+++ Provided entries
(* Let $(\mathbb{Z}_{(p_n)},+\mathbf{1})$ and $(\mathbb{Z}_{(q_n)},+\mathbf{1})$ be torsion free odometers with scales $(p_n)$ and $(q_n)$ respectively. If $\operatorname{Aut}^{(\infty)}(\mathbb{Z}_{(p_n)},+\mathbf{1})$ and $\operatorname{Aut}^{(\infty)}(\mathbb{Z}_{(q_n)},+\mathbf{1})$ are isomorphic as groups, then $\mathbb{Z}_{(p_n)}$ and $\mathbb{Z}_{(q_n)}$ are isomorphic as groups.
   Context: A scale is a sequence $(p_n)$ of positive integers with $p_n\mid p_{n+1}$, not eventually constant; the odometer is $\mathbb{Z}_{(p_n)}=\{(x_n)\in\prod_n\mathbb{Z}/p_n\mathbb{Z}: x_{n+1}\equiv x_n\bmod p_n\}$, and $+\mathbf{1}$ is translation by $\mathbf{1}=(1,1,\dots)$. For a prime $p$, $\nu_p(n)$ is the $p$-adic valuation and $\mathbf{v}_p((p_n))=\lim_n\nu_p(p_n)\in\mathbb{N}\cup\{0,\infty\}$. The odometer (or scale) is torsion free if $\mathbf{v}_p((p_n))\in\{0,\infty\}$ for every prime $p$. For a homeomorphism $T$ of a compact metric space $X$, $\operatorname{Aut}(X,T)$ is the group of homeomorphisms commuting with $T$ and $\operatorname{Aut}^{(\infty)}(X,T)=\bigcup_{n\ge1}\operatorname{Aut}(X,T^n)\subseteq\operatorname{Homeo}(X)$. *)

From mathcomp Require Import all_boot.
Set Implicit Arguments. Unset Strict Implicit. Unset Printing Implicit Defensive.

Definition is_scale (p : nat -> nat) : Prop :=
  (forall n, 0 < p n) /\ (forall n, p n %| p n.+1) /\
  ~ (exists N, forall n, N <= n -> p n = p N).

(* Torsion free: for every prime r, lim_n logn r (p n) (a nondecreasing
   sequence) is 0 or infinity. *)
Definition torsion_free (p : nat -> nat) : Prop :=
  forall r, prime r ->
    (forall n, logn r (p n) = 0) \/ (forall k, exists n, k <= logn r (p n)).

Record odo (p : nat -> nat) := Odo {
  odo_val :> nat -> nat;
  odo_lt : forall n, odo_val n < p n;
  odo_compat : forall n, odo_val n.+1 %% p n = odo_val n }.

Section OdoOps.
Variables (p : nat -> nat) (hp : is_scale p).

Lemma scale_pos n : 0 < p n. Proof. by case: hp. Qed.
Lemma scale_dvd n : p n %| p n.+1. Proof. by case: hp => _ []. Qed.

Definition add_seq (x y : odo p) : nat -> nat := fun n => (x n + y n) %% p n.

Lemma add_seq_lt x y n : add_seq x y n < p n.
Proof. by rewrite /add_seq ltn_mod scale_pos. Qed.

Lemma add_seq_compat x y n : add_seq x y n.+1 %% p n = add_seq x y n.
Proof.
by rewrite /add_seq modn_dvdm ?scale_dvd // -modnDm !odo_compat.
Qed.

Definition odo_add (x y : odo p) : odo p :=
  Odo (@add_seq_lt x y) (@add_seq_compat x y).

Lemma one_lt n : 1 %% p n < p n. Proof. by rewrite ltn_mod scale_pos. Qed.
Lemma one_compat n : 1 %% p n.+1 %% p n = 1 %% p n.
Proof. by rewrite modn_dvdm ?scale_dvd. Qed.

Definition odo_one : odo p := Odo one_lt one_compat.

Definition odo_T (x : odo p) : odo p := odo_add x odo_one.
End OdoOps.

(* Continuity for the product topology of the discrete spaces Z/p_n Z. *)
Definition odo_continuous (p q : nat -> nat) (f : odo p -> odo q) : Prop :=
  forall (x : odo p) (n : nat), exists m : nat,
    forall y : odo p, y m = x m -> f y n = f x n.

Definition odo_homeo (p : nat -> nat) (f : odo p -> odo p) : Prop :=
  exists g : odo p -> odo p,
    cancel f g /\ cancel g f /\ odo_continuous f /\ odo_continuous g.

(* membership in Aut^(oo)(Z_(p_n), +1) = union_{k>=1} Aut(Z_(p_n), T^k) *)
Definition aut_inf (p : nat -> nat) (hp : is_scale p) (f : odo p -> odo p) : Prop :=
  odo_homeo f /\
  exists k, 0 < k /\ forall x, f (iter k (odo_T hp) x) = iter k (odo_T hp) (f x).

Definition aut_inf_isomorphic (p q : nat -> nat) (hp : is_scale p) (hq : is_scale q)
  : Prop :=
  exists phi : (odo p -> odo p) -> (odo q -> odo q),
    (forall f, aut_inf hp f -> aut_inf hq (phi f)) /\
    (forall f g, aut_inf hp f -> aut_inf hp g -> phi f = phi g -> f = g) /\
    (forall g, aut_inf hq g -> exists f, aut_inf hp f /\ phi f = g) /\
    (forall f g, aut_inf hp f -> aut_inf hp g -> phi (f \o g) = phi f \o phi g).

Definition odo_group_isomorphic (p q : nat -> nat) (hp : is_scale p) (hq : is_scale q)
  : Prop :=
  exists psi : odo p -> odo q,
    bijective psi /\
    forall x y, psi (odo_add hp x y) = odo_add hq (psi x) (psi y).

From mathcomp Require Import all_boot all_fingroup zify cyclic.
From Stdlib Require Import ProofIrrelevance FunctionalExtensionality.
From Stdlib Require Import Classical ClassicalEpsilon.
Set Implicit Arguments. Unset Strict Implicit. Unset Printing Implicit Defensive.

(* Fix a prime r.  Call g in Aut^(oo) r-rootless if no power g^(r^a b) with
   r not dividing b is an r^(a+1)-th power in Aut^(oo); the existence of an
   r-rootless element is a group property, and it holds exactly when r
   divides some p_n.
   If r | p_n, then +1 is r-rootless: a root h of T^m, m = r^a b, commutes
   with T^m, hence permutes the finitely many cosets of mZ_(p_n); as their
   number is not divisible by r^(a+1), the map h^(r^a) fixes one of them and
   translates it by an element of mZ_(p_n), and comparing h^(r^(a+1)) with
   T^m at a level divisible by r^(a+1) yields r^(a+1) | m.
   If r divides no p_n, then r is a unit of Z_(p_n).  For g commuting with
   T^k, some power g^o, o = r^a b, fixes every coset of kZ_(p_n) and is a
   translation on each of them; dividing these translations by r^(a+1) gives
   an r^(a+1)-th root of g^o.
   So isomorphic groups Aut^(oo) force the scales to have the same prime
   divisors; by torsion freeness every p_n then divides some q_m and
   conversely, and reducing coordinates gives inverse group isomorphisms. *)

Lemma iter_commute (T : Type) (f g : T -> T) :
  (forall x, f (g x) = g (f x)) -> forall n x, iter n f (g x) = g (iter n f x).
Proof. by move=> fg; elim=> [|n IHn] x //=; rewrite IHn fg. Qed.

Lemma nondecreasing_bounded_stable (f : nat -> nat) B :
  (forall n, f n <= f n.+1) -> (forall n, f n <= B) ->
  exists N, forall n, N <= n -> f n = f N.
Proof.
move=> f_step f_le; have f_mono := homo_leq leqnn (@leq_trans) f_step.
suff stable d N : B - f N <= d -> exists N, forall n, N <= n -> f n = f N.
  exact: (stable B 0 (leq_subr _ _)).
elim: d N => [|d IHd] N le_d.
  by exists N => n /f_mono; have := f_le n; lia.
have [[n [le_Nn neq]]|stable] := classic (exists n, N <= n /\ f n <> f N).
  by apply: (IHd n); have := f_mono _ _ le_Nn; have := f_le n; lia.
exists N => n le_Nn; apply: NNPP => neq; apply: stable; by exists n.
Qed.

Lemma modn_addmul_gcd k P x y : 0 < k -> 0 < P -> x < P ->
  (exists j, y = x + k * j %[mod P]) <-> x = y %[mod gcdn k P].
Proof.
move=> k_gt0 P_gt0 lt_xP; set g := gcdn k P.
have gk : g %| k by rewrite dvdn_gcdl.
have gP : g %| P by rewrite dvdn_gcdr.
split=> [[j /(congr1 (modn^~ g))]|eq_xy].
  by rewrite !modn_dvdm // -modnDmr (eqP (dvdn_mulr j gk)) addn0 => ->.
set d := y + (P - x).
have dx : d + x = y + P by rewrite /d; lia.
have gd : g %| d.
  have : d + x = 0 + x %[mod g].
    by rewrite dx add0n -modnDmr (eqP gP) addn0 eq_xy.
  by move/eqP; rewrite eqn_modDr mod0n.
case: (egcdnP P k_gt0) => u v kuE _.
have kj : k * (u * (d %/ g)) = d %[mod P].
  by rewrite mulnA (mulnC k) kuE mulnDl mulnAC -modnDml modnMl add0n mulnC divnK.
by exists (u * (d %/ g)); rewrite -modnDmr kj modnDmr addnC dx modnDr.
Qed.

Definition modinv R P := R ^ (totient P).-1.

Lemma modinvP R P : coprime R P -> 0 < P -> R * modinv R P = 1 %[mod P].
Proof. by move=> co P_gt0; rewrite -expnS prednK ?totient_gt0 ?Euler_exp_totient. Qed.

Lemma modinv_dvd R P P' : coprime R P' -> 0 < P -> 0 < P' -> P %| P' ->
  modinv R P' = modinv R P %[mod P].
Proof.
move=> co P_gt0 P'_gt0 dvdP; have coP : coprime R P := coprime_dvdr dvdP co.
have inv' : R * modinv R P' = 1 %[mod P].
  by rewrite -(modn_dvdm _ dvdP) modinvP ?modn_dvdm.
rewrite -[modinv R P']muln1 -modnMmr -(modinvP coP P_gt0) modnMmr mulnA.
by rewrite (mulnC _ R) -modnMml inv' modnMml mul1n.
Qed.

Lemma iter_pfactor_fixpoint (S : finType) (f : S -> S) r a : prime r ->
  (forall x, iter (r ^ a.+1) f x = x) -> ~~ (r ^ a.+1 %| #|S|) ->
  exists x, iter (r ^ a) f x = x.
Proof.
move=> r_pr fR ndvd; have R_gt0 : 0 < r ^ a.+1 by rewrite expn_gt0 prime_gt0.
have f_inj : injective f.
  by move=> x y Exy; rewrite -(fR x) -(fR y) -(prednK R_gt0) !iterSr Exy.
set s := perm f_inj; have sE j : iter j s =1 iter j f by apply: eq_iter => x; rewrite permE.
have sR : (s ^+ (r ^ a.+1)%N)%g = 1%g by apply/permP => x; rewrite permX perm1 sE fR.
apply: NNPP => no_fix; case/negP: ndvd.
have acts : [acts <[s]>%g, on [set: S] | 'P] by apply/actsP => g _ x; rewrite !inE.
rewrite -cardsT -(acts_sum_card_orbit acts); apply: dvdn_sum => _ /imsetP[x _ ->].
rewrite -porbitE.
have : #|porbit s x| %| r ^ a.+1.
  by rewrite porbitE (dvdn_trans (dvdn_orbit _ _ _)) // -orderE order_dvdn sR.
case/(dvdn_pfactor _ _ r_pr) => c; rewrite leq_eqVlt => /orP[/eqP -> -> // | lt_ca] E.
case: no_fix; exists x.
have -> : r ^ a = r ^ (a - c) * #|porbit s x| by rewrite E -expnD subnK.
by rewrite -sE iterM iter_fix // iter_porbit.
Qed.

Section Odometer.
Variables (p : nat -> nat) (hp : is_scale p).
Local Notation T := (odo_T hp).

Lemma odo_ext (x y : odo p) : (forall n, x n = y n) -> x = y.
Proof.
case: x => xv xlt xc; case: y => yv ylt yc /= eq_xy.
have E : xv = yv by apply: functional_extensionality.
by subst yv; f_equal; apply: proof_irrelevance.
Qed.

Lemma scale_dvd_leq m n : m <= n -> p m %| p n.
Proof.
move=> /subnK <-; elim: (n - m) => [|d IHd] //.
by rewrite addSn (dvdn_trans IHd) // scale_dvd.
Qed.

Lemma odo_mod (x : odo p) n : x n %% p n = x n.
Proof. by rewrite modn_small // odo_lt. Qed.

Lemma odo_compat_leq (x : odo p) m n : m <= n -> x n %% p m = x m.
Proof.
move=> /subnK <-; elim: (n - m) => [|d IHd]; first by rewrite odo_mod.
by rewrite addSn -IHd -(odo_compat x (d + m)) modn_dvdm // scale_dvd_leq ?leq_addl.
Qed.

Lemma odo_eq_mod (x : odo p) e m n : e %| p m -> e %| p n -> x m = x n %[mod e].
Proof.
wlog le_mn : m n / m <= n => [W em en|em en].
  by case: (leqP m n) => [|/ltnW] le; [apply: W | apply/esym/W].
by rewrite -(odo_compat_leq x le_mn) modn_dvdm.
Qed.

Lemma odo_of_seq_lt (f : nat -> nat) n : f n %% p n < p n.
Proof. by rewrite ltn_mod scale_pos. Qed.

Lemma odo_of_seq_compat (f : nat -> nat) (f_compat : forall n, f n.+1 = f n %[mod p n]) n :
  f n.+1 %% p n.+1 %% p n = f n %% p n.
Proof. by rewrite modn_dvdm ?scale_dvd // f_compat. Qed.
++++++
**Task to complete:** Beginning with the line that has "Definition odo_add (x" and ending with the line that has "f \o phi g).", set down the lines above exactly and include no others.

**Output for this exercise:**
Definition odo_add (x y : odo p) : odo p :=
  Odo (@add_seq_lt x y) (@add_seq_compat x y).

Lemma one_lt n : 1 %% p n < p n. Proof. by rewrite ltn_mod scale_pos. Qed.
Lemma one_compat n : 1 %% p n.+1 %% p n = 1 %% p n.
Proof. by rewrite modn_dvdm ?scale_dvd. Qed.

Definition odo_one : odo p := Odo one_lt one_compat.

Definition odo_T (x : odo p) : odo p := odo_add x odo_one.
End OdoOps.

(* Continuity for the product topology of the discrete spaces Z/p_n Z. *)
Definition odo_continuous (p q : nat -> nat) (f : odo p -> odo q) : Prop :=
  forall (x : odo p) (n : nat), exists m : nat,
    forall y : odo p, y m = x m -> f y n = f x n.

Definition odo_homeo (p : nat -> nat) (f : odo p -> odo p) : Prop :=
  exists g : odo p -> odo p,
    cancel f g /\ cancel g f /\ odo_continuous f /\ odo_continuous g.

(* membership in Aut^(oo)(Z_(p_n), +1) = union_{k>=1} Aut(Z_(p_n), T^k) *)
Definition aut_inf (p : nat -> nat) (hp : is_scale p) (f : odo p -> odo p) : Prop :=
  odo_homeo f /\
  exists k, 0 < k /\ forall x, f (iter k (odo_T hp) x) = iter k (odo_T hp) (f x).

Definition aut_inf_isomorphic (p q : nat -> nat) (hp : is_scale p) (hq : is_scale q)
  : Prop :=
  exists phi : (odo p -> odo p) -> (odo q -> odo q),
    (forall f, aut_inf hp f -> aut_inf hq (phi f)) /\
    (forall f g, aut_inf hp f -> aut_inf hp g -> phi f = phi g -> f = g) /\
    (forall g, aut_inf hq g -> exists f, aut_inf hp f /\ phi f = g) /\
    (forall f g, aut_inf hp f -> aut_inf hp g -> phi (f \o g) = phi f \o phi g).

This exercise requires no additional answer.